[Stored items]
- - -
Lemma umbral_refl m u v p : umbral m u v p = umbral m u (1 - m%:R - u - v) (reflp m p).
Proof.
rewrite /reflp umbral_sum; apply: eq_bigr => i _.
have le_im : (i <= m)%N by rewrite -ltnS.
by rewrite umbralZ -mulrA -(umbral_reflXn (m - i)) subnK.
Qed.

Lemma reflpD m p q : reflp m (p + q) = reflp m p + reflp m q.
Proof. by rewrite /reflp -big_split; apply: eq_bigr => i _; rewrite coefD scalerDl. Qed.

Lemma reflpMX m p : reflp m.+1 (p * 'X) = 'X * reflp m p.
Proof.
rewrite /reflp big_ord_recl coefMX /= scale0r add0r mulr_sumr.
by apply: eq_bigr => i _; rewrite coefMX /= subSS exprS -scalerAr mulrA.
Qed.

Lemma reflp_lift m p : (size p <= m.+1)%N -> reflp m.+1 p = - ('X + 1) * reflp m p.
Proof.
move=> size_p; rewrite /reflp big_ord_recr /= nth_default // scale0r addr0 mulr_sumr.
apply: eq_bigr => i _ /=; have le_im : (i <= m)%N := ltn_ord i.
by rewrite subSn // exprS -scalerAr mulrCA.
Qed.

(* X^2 + X + 1, in the shape whose binomial expansion gives [Gsum] *)
Definition cyclo3 : {poly F} := ('X + 1) ^+ 2 - 'X.

Lemma size_cyclo3n n : (size (cyclo3 ^+ n) <= (n.*2).+1)%N.
Proof.
apply: leq_trans (size_poly_exp_leq _ _) _.
have size_cyclo3 : (size cyclo3 <= 3)%N.
  by rewrite (leq_trans (size_polyD _ _)) // geq_max size_X1n size_polyN size_polyX.
rewrite ltnS -muln2 mulnC leq_mul2l; apply/orP; right.
by case: (size cyclo3) size_cyclo3 => [|[|[|[|]]]].
Qed.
- - -
Work item >> Working from the entries above, return all lines that contain "coefMX".

Finished exercise >>
rewrite /reflp big_ord_recl coefMX /= scale0r add0r mulr_sumr.
by apply: eq_bigr => i _; rewrite coefMX /= subSS exprS -scalerAr mulrA.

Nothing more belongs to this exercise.